Study design, participants, and settings
M4A is an assessor-blinded crossover RCT (Fig. 1) comparing MT to a structurally matched PT intervention, combining behavioural and neuroscientific outcome measures (Fig. 2). Eligible children are aged 6-12 years and have an ASD diagnosis from a licenced health professional with an ICD code28, ideally supported with scores of standardised tools (ADOS29, ADI-R30) and assessment of intelligence quotient (IQ) or level of ability. Children with individual MT during the last 6 months; generalised epileptic seizures during the last 12 months; more than 12 months of cumulative music training; or conditions precluding fMRI scanning (such as metallic or electronic implants, claustrophobia, or persistent problems in complying with scanning procedures) are excluded. Participants are recruited in two cities (Bergen, Norway; Vienna, Austria) by advertising through social media and reaching out to relevant groups such as parent associations, schools, clinicians, and special educators. Baseline assessment includes demographic data, behavioural variables, MRI scans, and other biological data (Fig. 2). Participants are randomised to a sequence of interventions (MT-PT or PT-MT). The first intervention takes place over 3 months, followed by a washout period of 3 months, and then by 3 months of the second intervention (Fig. 1). When possible, enrolment is scheduled so that interventions will take place during the school year and washout periods during school holidays. We expected around 27 participants randomised each half year in both sites combined. Outcome assessments are conducted before and after each intervention period, leading to a total of four time points (Fig. 1, 2).
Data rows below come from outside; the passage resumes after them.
Lemma eq_nsq x y : (forall i k, x i k = y i k) -> nsq x = nsq y.
Proof. by move=> xy; apply: eq_bvsum => i k; rewrite xy. Qed.

Lemma nsq_ge0 x : 0 <= nsq x.
Proof. by apply: bvsum_ge0 => i k; apply: Rle_0_sqr. Qed.

Lemma bvnorm_sq x : bvnorm x ^ 2 = nsq x.
Proof. by rewrite /= Rmult_1_r sqrt_sqrt //; apply: nsq_ge0. Qed.

Lemma sqr_le_nsq x i k : x i k * x i k <= nsq x.
Proof. by apply: (ler_bvsum_entry (a := fun i k => x i k * x i k)) => *; apply: Rle_0_sqr. Qed.

Lemma nsq_eq0 x : nsq x = 0 -> forall i k, x i k = 0.
Proof.
move=> x0 i k; have := sqr_le_nsq x k; have := Rle_0_sqr (x i k).
rewrite x0 /Rsqr => ? ?; apply: Rsqr_0_uniq; rewrite /Rsqr; lra.
Qed.

Lemma nsq_le_entries x c : (forall i k, Rabs (x i k) <= c) ->
  nsq x <= c * c * bvsum (fun _ _ => 1).
Proof.
move=> xc; rewrite mulR_bvsum; apply: ler_bvsum => i k.
have := xc i k; rewrite Rmult_1_r /Rabs; case: Rcase_abs => ? ?; nra.
Qed.

Lemma nsqZ s x : nsq (fun i k => s * x i k) = s * s * nsq x.
Proof. by rewrite /nsq /bvdot -!/(bvsum _) mulR_bvsum; apply: eq_bvsum => i k; ring. Qed.

Lemma bvnormZ s x : bvnorm (fun i k => s * x i k) = Rabs s * bvnorm x.
Proof.
rewrite /bvnorm -/(nsq _) -/(nsq x) nsqZ sqrt_mult; last exact: nsq_ge0; last exact: Rle_0_sqr.
by rewrite sqrt_Rsqr_abs.
Qed.

Lemma eq_bvdotl x y z : (forall i k, x i k = y i k) -> bvdot x z = bvdot y z.
Proof. by move=> xy; apply: eq_bvsum => i k; rewrite xy. Qed.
Changes to the protocol since the initial version are listed in Supplementary Table S1.
Interventions
Locations (a dedicated room at each site) and materials (matched to those in Sharda et al. as closely as possible) were standardised to ensure consistent implementation in Bergen and Vienna. Both interventions consist of 12 weekly one-on-one sessions, 45 minutes each, conducted in the same setting by a licensed music therapist. Although we initially planned to conduct MT and PT in accordance with manuals from Sharda et al., it became necessary to further specify and develop them to provide sufficient detail for replication across therapists and sites. The treatment manual and the fidelity assessments will be further described in separate publications. Briefly, both MT and PT use a developmentally oriented approach with the overall aim of improving quality of life31 and targeting creating a shared experience; building meaningful relationships; and fostering self-expression. A varied set of activities, combining therapist- and child-led interactions, target common goals including sensory integration, social communication, and emotional development. Children can choose 4 activities per session using a visual schedule to facilitate communication and provide structure to the sessions32. MT uses rhythmic cues, musical instruments (e.g. piano, djembe, xylophone, ukulele), songs, and stories accompanied by songs. PT is designed as a play-based active comparison condition to control for factors such as support, therapist attention, positive expectancies, and emotional engagement. It uses verbal interaction, toys (e.g. Lego, finger puppets, Play-Doh, puzzles), and stories (when possible, the same as in MT), without a musical component. Treatment fidelity33,34 is monitored and ensured via therapists’ reports, supervision meetings, and video recordings of sessions. For every child, three videos from each intervention arm (first, middle, and last session) are assessed by two independent raters. The fidelity checklist covers dimensions such as dose (number of sessions); structure (number and type of activities); content (use of musical or verbal reinforcements, use of feeling cards); and processes (therapist’s attunement, therapist’s responsiveness). In addition, child engagement and interaction levels are investigated. Differentiation between MT and PT is analysed by comparing the amount of musical and verbal reinforcement used.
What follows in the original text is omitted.